When we put reading, writing, spelling, and language together, we call it "language arts."  This is just about what the teacher of old did, too.  Before the advent of educational publishing companies, the ingenious teacher taught everything from the McGuffey Readers.  The modern teacher may certainly do it the same way.  The Sholes School Education and Curriculum Committee has prepared some lessons from texts printed as early as 1881.  The Society has bound copies of the old language texts from which the lessons were designed.  The texts are split into three different levels of difficulty and are available at the School for use by classes visiting the School for the day. We suggest that visiting classes split into two teams to play the grammar game "Teakettle."  In one version of the game, one team selects a pair of homonyms, such as "horse" and "hoarse."  Each member of the team takes a turn using the word or words in a sentence, saying "teakettle" instead of the chosen homonyms.  For example, one student may state, "The boy who rode the (teakettle) was a little (teakettle)."  The opposing team tries to guess the word.  The teams then switch roles.  Some useful homonyms: Another version of the game involves using homographs--words with several meanings--instead of homonyms.  For example, a team may choose the word "arm."  Possible sentences include "My (teakettle) is sore from playing baseball" and "The (teakettle) of the chair is broken."


McGuffey Readers

McGuffey’s Eclectic Readers were first used in 1836, and are considered by many as America’s most famous pedagogical tools, and are still in use.  The revised edition with the 1879 copyright date may not have been done under the supervision of the original author, W. H. McGuffey, but it was developed out of the same concept as the earlier editions.  Sholes School has copies of the 1879 edition in its collection.

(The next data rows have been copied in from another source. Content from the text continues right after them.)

(* Let $\mathscr K$ be a quasivariety of structures, let $\mathbf F$ be a $\mathscr K$-free structure, and let $\varepsilon$ be an endomorphism of $\mathbf F$. Let $\alpha,\beta_1,\dots,\beta_m$ be atomic formulae over $\mathbf F$. If, in the lattice $\operatorname{Con}_{\mathscr K}\mathbf F$, \[ \operatorname{con}_{\mathscr K}\alpha \le \bigvee_{j=1}^m \operatorname{con}_{\mathscr K}\beta_j, \] then \[ \operatorname{con}_{\mathscr K}(\varepsilon\alpha) \le \bigvee_{j=1}^m \operatorname{con}_{\mathscr K}(\varepsilon\beta_j). \]
   Context: Structures have a signature consisting of function symbols and relation symbols with arities; homomorphisms preserve operations and map relations into relations. A congruence on a structure $\mathbf A$ is a pair $\theta=\langle\theta_0,\theta_1\rangle$ where $\theta_0$ is an equivalence relation on $A$ compatible with the operations, and $\theta_1=\bigcup_R\theta_1^R$ where for each relation symbol $R$ of arity $n$, $R^{\mathbf A}\subseteq\theta_1^R\subseteq A^n$ and $\theta_1^R$ is closed under componentwise $\theta_0$-equivalence. Quotient structures $\mathbf A/\theta$ are formed in the natural way. A quasivariety is a class of structures closed under substructures, direct products and ultraproducts (equivalently, the class of models of a set of quasi-identities $\&_{i}\alpha_i\Rightarrow\beta$ with atomic $\alpha_i,\beta$); equality is interpreted as true equality. An atomic formula over $\mathbf F$ is either $s\approx t$ with $s,t\in F$ or $R(\mathbf s)$ with $R$ a relation symbol and $\mathbf s$ a tuple of elements of $F$ of the arity of $R$. A congruence $\psi$ of $\mathbf F$ is a $\mathscr K$-congruence if $\mathbf F/\psi\in\mathscr K$; these form the complete lattice $\operatorname{Con}_{\mathscr K}\mathbf F$. We write $\alpha\in\psi$ if $\alpha$ is $s\approx t$ with $(s,t)\in\psi_0$, or $\alpha$ is $R(\mathbf s)$ with $\mathbf s\in\psi_1^R$. For a set $S$ of atomic formulae, $\operatorname{con}_{\mathscr K}S$ is the intersection of all congruences $\psi$ of $\mathbf F$ with $\mathbf F/\psi\in\mathscr K$ and $S\subseteq\psi$. For an endomorphism $\varepsilon$, $\varepsilon\alpha$ denotes $\varepsilon s\approx\varepsilon t$ if $\alpha$ is $s\approx t$, and $R(\varepsilon\mathbf s)$ (componentwise) if $\alpha$ is $R(\mathbf s)$. *)

From mathcomp Require Import ssreflect ssrfun ssrbool eqtype ssrnat seq fintype.
From Stdlib Require Import ClassicalEpsilon.
Set Implicit Arguments. Unset Strict Implicit. Unset Printing Implicit Defensive.

Record signature := Signature {
  fsym : Type; far : fsym -> nat;
  rsym : Type; rar : rsym -> nat }.

Section Structures.
Variable sg : signature.

Record structure := Structure {
  car :> Type;
  fop : forall f : fsym sg, ('I_(far f) -> car) -> car;
  frel : forall r : rsym sg, ('I_(rar r) -> car) -> Prop }.
Arguments fop {s} f _.
Arguments frel {s} r _.

Definition hom (A B : structure) (h : A -> B) : Prop :=
  (forall f (s : 'I_(far f) -> A), h (fop f s) = fop f (fun i => h (s i))) /\
  (forall r (s : 'I_(rar r) -> A), frel r s -> frel r (fun i => h (s i))).

Inductive atom (X : Type) : Type :=
  | AEq : X -> X -> atom X
  | ARel : forall r : rsym sg, ('I_(rar r) -> X) -> atom X.
Arguments AEq {X} _ _.
Arguments ARel {X} r _.

Definition atom_map (X Y : Type) (e : X -> Y) (a : atom X) : atom Y :=
  match a with
  | AEq s t => AEq (e s) (e t)
  | ARel r s => ARel r (fun i => e (s i))
  end.

Inductive term : Type :=
  | Var : nat -> term
  | App : forall f : fsym sg, ('I_(far f) -> term) -> term.
Arguments App f _ : assert.

Fixpoint eval (A : structure) (v : nat -> A) (t : term) : A :=
  match t with
  | Var n => v n
  | App f ts => fop f (fun i => eval v (ts i))
  end.

Definition holds (A : structure) (v : nat -> A) (a : atom term) : Prop :=
  match a with
  | AEq s t => eval v s = eval v t
  | ARel r s => frel r (fun i => eval v (s i))
  end.

(* Quasi-identity  &_{i} alpha_i => beta  (finitely many premises). *)
Definition quasi_identity := (seq (atom term) * atom term)%type.

Definition satisfies (A : structure) (q : quasi_identity) : Prop :=
  forall v : nat -> A, (forall a, List.In a q.1 -> holds v a) -> holds v q.2.

Definition quasivariety (K : structure -> Prop) : Prop :=
  exists Q : quasi_identity -> Prop,
    forall A, K A <-> (forall q, Q q -> satisfies A q).

(* Subuniverse generated by X is everything. *)
Definition generates (A : structure) (X : A -> Prop) : Prop :=
  forall P : A -> Prop, (forall x, X x -> P x) ->
    (forall f (s : 'I_(far f) -> A), (forall i, P (s i)) -> P (fop f s)) ->
    forall x, P x.

Definition K_free (K : structure -> Prop) (F : structure) : Prop :=
  K F /\ exists X : F -> Prop, generates X /\
    forall B : structure, K B -> forall g : {x : F | X x} -> B,
      exists h : F -> B, hom h /\ forall x (hx : X x), h x = g (exist _ x hx).

Record cpair (A : structure) := CPair {
  c0 : A -> A -> Prop;
  c1 : forall r : rsym sg, ('I_(rar r) -> A) -> Prop }.
Arguments c0 {A} c _ _.
Arguments c1 {A} c r _.

Definition congruence (A : structure) (th : cpair A) : Prop :=
  (forall x, c0 th x x) /\
      (forall x y, c0 th x y -> c0 th y x) /\
      (forall x y z, c0 th x y -> c0 th y z -> c0 th x z) /\
      (forall f (s t : 'I_(far f) -> A), (forall i, c0 th (s i) (t i)) ->
          c0 th (fop f s) (fop f t)) /\
      (forall r (s : 'I_(rar r) -> A), frel r s -> c1 th r s) /\
      (forall r (s t : 'I_(rar r) -> A), c1 th r s ->
          (forall i, c0 th (s i) (t i)) -> c1 th r t).

(* Quotient structure A/theta: elements are theta_0-classes. *)
Definition qcar (A : structure) (th : cpair A) : Type :=
  {P : A -> Prop | exists x, P = c0 th x}.

Definition qclass (A : structure) (th : cpair A) (x : A) : qcar th :=
  exist _ (c0 th x) (ex_intro _ x erefl).

Definition qrep (A : structure) (th : cpair A) (c : qcar th) : A :=
  proj1_sig (constructive_indefinite_description _ (proj2_sig c)).

Definition quotient (A : structure) (th : cpair A) : structure :=
  @Structure (qcar th)
    (fun f cs => qclass th (fop f (fun i => qrep (cs i))))
    (fun r cs => exists s : 'I_(rar r) -> A,
        (forall i, proj1_sig (cs i) = c0 th (s i)) /\ c1 th r s).

Definition K_congruence (K : structure -> Prop) (A : structure) (psi : cpair A) :=
  congruence psi /\ K (quotient psi).

Definition atom_in (A : structure) (psi : cpair A) (a : atom A) : Prop :=
  match a with
  | AEq s t => c0 psi s t
  | ARel r s => c1 psi r s
  end.

Definition cle (A : structure) (th psi : cpair A) : Prop :=
  (forall x y, c0 th x y -> c0 psi x y) /\
  (forall r s, c1 th r s -> c1 psi r s).

Definition conK (K : structure -> Prop) (A : structure) (S : atom A -> Prop)
  : cpair A :=
  CPair (fun x y => forall psi, K_congruence K psi ->
                      (forall a, S a -> atom_in psi a) -> c0 psi x y)
        (fun r s => forall psi, K_congruence K psi ->
                      (forall a, S a -> atom_in psi a) -> c1 psi r s).

Definition Kjoin (K : structure -> Prop) (A : structure) (l : seq (cpair A))
  : cpair A :=
  CPair (fun x y => forall psi, K_congruence K psi ->
                      (forall th, List.In th l -> cle th psi) -> c0 psi x y)
        (fun r s => forall psi, K_congruence K psi ->
                      (forall th, List.In th l -> cle th psi) -> c1 psi r s).

End Structures.

From Pilot Require Import Defs.
From mathcomp Require Import ssreflect ssrfun ssrbool eqtype ssrnat seq fintype.
From Stdlib Require Import ClassicalEpsilon FunctionalExtensionality PropExtensionality ProofIrrelevance.

(* The preimage of a K-congruence psi under a homomorphism h : A -> B is again a
   K-congruence: A / h^-1(psi) embeds into B / psi, and quasivarieties are closed
   under substructures.  Given a K-congruence psi of F above every
   con_K(eps beta_j), its preimage under eps contains every beta_j, hence lies above
   the join, hence contains alpha; that is, psi contains eps alpha. *)

Set Implicit Arguments. Unset Strict Implicit.

Section Development.
Variable sg : signature.

Definition embedding (A B : structure sg) (j : A -> B) : Prop :=
  [/\ forall f (s : 'I_(far f) -> A), j (fop s) = fop (fun i => j (s i)),
      injective j &
      forall r (s : 'I_(rar r) -> A), Defs.frel s <-> Defs.frel (fun i => j (s i))].

Lemma eval_morph (A B : structure sg) (j : A -> B) (v : nat -> A) (t : term sg) :
  (forall f (s : 'I_(far f) -> A), j (fop s) = fop (fun i => j (s i))) ->
  eval (fun n => j (v n)) t = j (eval v t).
Proof.
move=> jop; elim: t => [n|f ts IH] //=.
by rewrite jop; congr fop; apply: functional_extensionality => i; rewrite IH.
Qed.

Lemma holds_embedding (A B : structure sg) (j : A -> B) (v : nat -> A) a :
  embedding j -> holds (fun n => j (v n)) a <-> holds v a.
Proof.
case=> jop jinj jrel; case: a => [s t|r s] /=.
  by rewrite !eval_morph //; split=> [/jinj|->].
have -> : (fun i => eval (fun n => j (v n)) (s i)) = (fun i => j (eval v (s i))).
  by apply: functional_extensionality => i; rewrite eval_morph.
by rewrite -jrel.
Qed.

Lemma satisfies_embedding (A B : structure sg) (j : A -> B) q :
  embedding j -> satisfies B q -> satisfies A q.
Proof.
move=> jemb Bq v vq; apply/(holds_embedding _ _ jemb); apply: Bq => a qa.
by apply/holds_embedding; last exact: vq.
Qed.

Lemma quasivariety_embedding (K : structure sg -> Prop) (A B : structure sg)
    (j : A -> B) :
  quasivariety K -> embedding j -> K B -> K A.
Proof.
move=> [Q KQ] jemb KB; apply/KQ => q Qq.
exact: satisfies_embedding jemb (proj1 (KQ B) KB q Qq).
Qed.

Section Quotient.
Variables (A : structure sg) (th : cpair A).
Hypothesis th_cong : congruence th.

Lemma qrepP (c : qcar th) : proj1_sig c = c0 th (qrep c).
Proof. by rewrite /qrep; case: constructive_indefinite_description. Qed.

Lemma qclassP x y : qclass th x = qclass th y <-> c0 th x y.
Proof.
have [refl [sym [trans _]]] := th_cong.
split=> [/(congr1 (@proj1_sig _ _)) /= ->|xy]; first exact: refl.
apply: eq_exist_uncurried; exists (functional_extensionality _ _ (fun z =>
  propositional_extensionality _ _ (conj (trans _ _ _ (sym _ _ xy)) (trans _ _ _ xy)))).
exact: proof_irrelevance.
Qed.

Lemma qrepK (c : qcar th) : qclass th (qrep c) = c.
Proof.
case: c => P Pex; apply: eq_exist_uncurried.
by exists (esym (qrepP (exist _ P Pex))); apply: proof_irrelevance.
Qed.

Lemma qrep_qclass x : c0 th (qrep (qclass th x)) x.
Proof. by apply/qclassP; rewrite qrepK. Qed.

Lemma c1_compat r (s t : 'I_(rar r) -> A) :
  (forall i, c0 th (s i) (t i)) -> c1 th s <-> c1 th t.
Proof.
have [_ [sym [_ [_ [_ clos]]]]] := th_cong.
by move=> st; split=> rel; apply: clos rel _ => i //; apply: sym.
Qed.

Lemma quotient_frelE r (cs : 'I_(rar r) -> quotient th) :
  Defs.frel cs <-> c1 th (fun i => qrep (cs i)).
Proof.
split=> [[s [cs_s rs]]|rq]; last by exists (fun i => qrep (cs i)); split=> // i; apply: qrepP.
have s_rep i : c0 th (s i) (qrep (cs i)).
  apply/qclassP; rewrite qrepK; move: (cs i) (cs_s i) => [P Pex] /= PE.
  by apply: eq_exist_uncurried; exists (esym PE); apply: proof_irrelevance.
exact: (c1_compat s_rep).1 rs.
Qed.

End Quotient.

Section Preimage.
Variables (A B : structure sg) (h : A -> B) (psi : cpair B).
Hypotheses (h_hom : hom h) (psi_cong : congruence psi).

Definition preimage : cpair A :=
  CPair (fun x y => c0 psi (h x) (h y)) (fun r s => c1 psi (fun i => h (s i))).

Lemma atom_in_preimage a : atom_in preimage a <-> atom_in psi (atom_map h a).
Proof. by case: a. Qed.

Lemma preimage_congruence : congruence preimage.
Proof.
have [hop hrel] := h_hom.
have [refl [sym [trans [comp [rel clos]]]]] := psi_cong.
split=> [x|]; first exact: refl.
split=> [x y|]; first exact: sym.
split=> [x y z|]; first exact: trans.
split=> [f s t st /=|]; first by rewrite !hop; apply: comp.
split=> [r s rs /=|r s t /= rs st]; first by apply: rel; apply: hrel.
exact: clos rs _.
Qed.

Definition quotient_preimage_map (c : qcar preimage) : qcar psi :=
  qclass psi (h (qrep c)).

Lemma quotient_preimage_map_class x :
  quotient_preimage_map (qclass preimage x) = qclass psi (h x).
Proof. exact/(qclassP psi_cong)/(qrep_qclass preimage_congruence). Qed.

Lemma quotient_preimage_embedding :
  @embedding (quotient preimage) (quotient psi) quotient_preimage_map.
Proof.
have pre_cong := preimage_congruence.
have [hop _] := h_hom.
have [_ [sym [_ [comp _]]]] := psi_cong.
split.
- move=> f cs /=; rewrite quotient_preimage_map_class hop; apply/(qclassP psi_cong).
  by apply: comp => i; apply/sym/(qrep_qclass psi_cong).
- move=> c d /(qclassP psi_cong) cd.
  by rewrite -(qrepK c) -(qrepK d); apply/qclassP.
- move=> r cs; rewrite (quotient_frelE pre_cong) (quotient_frelE psi_cong) /=.
  by apply: c1_compat => // i; apply/sym/(qrep_qclass psi_cong).
Qed.

End Preimage.

Lemma K_congruence_preimage (K : structure sg -> Prop) (A B : structure sg)
    (h : A -> B) (psi : cpair B) :
  quasivariety K -> hom h -> K_congruence K psi -> K_congruence K (preimage h psi).
Proof.
move=> qvK h_hom [psi_cong Kpsi]; split; first exact: preimage_congruence.
exact: quasivariety_embedding qvK (quotient_preimage_embedding h_hom psi_cong) Kpsi.
Qed.

Section ConK.
Variables (K : structure sg -> Prop) (A : structure sg).

Lemma atom_in_cle (th psi : cpair A) a : cle th psi -> atom_in th a -> atom_in psi a.
Proof. by case: a => [s t|r s] [le0 le1]; [apply: le0 | apply: le1]. Qed.

Lemma atom_in_conK1 (a : atom sg A) : atom_in (conK K (fun b => b = a)) a.
Proof. by case: a => [s t|r s] /= psi _ con_a; apply: (con_a _ erefl). Qed.

Lemma conK1_cle (psi : cpair A) a :
  K_congruence K psi -> atom_in psi a -> cle (conK K (fun b => b = a)) psi.
Proof. by move=> Kpsi psia; split=> [x y|r s] con_a; apply: (con_a psi Kpsi) => _ ->. Qed.

Lemma atom_in_Kjoin (l : seq (cpair A)) (psi : cpair A) a :
  atom_in (Kjoin K l) a -> K_congruence K psi ->
  (forall th, List.In th l -> cle th psi) -> atom_in psi a.
Proof. by case: a => [s t|r s] /= la Kpsi lpsi; apply: la. Qed.

Lemma conK1_cle_Kjoin (l : seq (cpair A)) a :
  (forall psi, K_congruence K psi -> (forall th, List.In th l -> cle th psi) ->
     atom_in psi a) ->
  cle (conK K (fun b => b = a)) (Kjoin K l).
Proof.
by move=> la; split=> [x y|r s] con_a psi Kpsi lpsi; apply: (con_a psi Kpsi) => _ ->; apply: la.
Qed.

End ConK.
End Development.

Theorem lemma3p1 (sg : signature) (K : structure sg -> Prop) (F : structure sg)
  (eps : F -> F) (alpha : atom sg F) (betas : seq (atom sg F)) :
  quasivariety K -> K_free K F -> hom eps ->
  cle (conK K (fun a => a = alpha))
      (Kjoin K [seq conK K (fun a => a = b) | b <- betas]) ->
  cle (conK K (fun a => a = atom_map eps alpha))
      (Kjoin K [seq conK K (fun a => a = atom_map eps b) | b <- betas]).
Proof.
move=> qvK _ eps_hom alpha_le; apply: conK1_cle_Kjoin => psi Kpsi psi_ge.
have Kpre := K_congruence_preimage qvK eps_hom Kpsi.
apply/(atom_in_preimage eps psi); apply: (atom_in_Kjoin _ Kpre).
  exact: atom_in_cle alpha_le (atom_in_conK1 _ _).
move=> _ /List.in_map_iff [b [<- betas_b]]; apply: (conK1_cle Kpre).
apply/atom_in_preimage/(atom_in_cle (psi_ge _ _) (atom_in_conK1 _ _)).
by apply/List.in_map_iff; exists b.
Qed.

Every level of the Readers, from Primer to Sixth Reader, contains a significant number of moral lessons, including lessons on kindness towards animals, good manners, and consideration of others.  War was usually portrayed as evil in concept, but was occasionally discussed in a manner of heroism.  The virtues presented to American youth were the prime values in which Americans professed to believe.  Even today, there are many who believe these values should be preserved or restored through the use of the McGuffey Readers.

Another reason for the popularity of the Readers was that "grade level" and "age" were not necessarily linked.  This was especially true in the nineteenth century as students took time off for planting and harvest-time farm chores.  The Third Reader has a story, "Beware of the First Drink," indicating that a sixteen year-old student might get no further than the Third Reader before completing his education.

From the Primer upward, new words were presented in logical progression and simple language gradually introduced the child to an ever widening vocabulary.  Books were routinely read aloud, so there was concern for enunciation and accent.  Syllabication, the use of diacritical marks as an aid to pronunciation, phonics, rhyme, and alliteration were all stressed.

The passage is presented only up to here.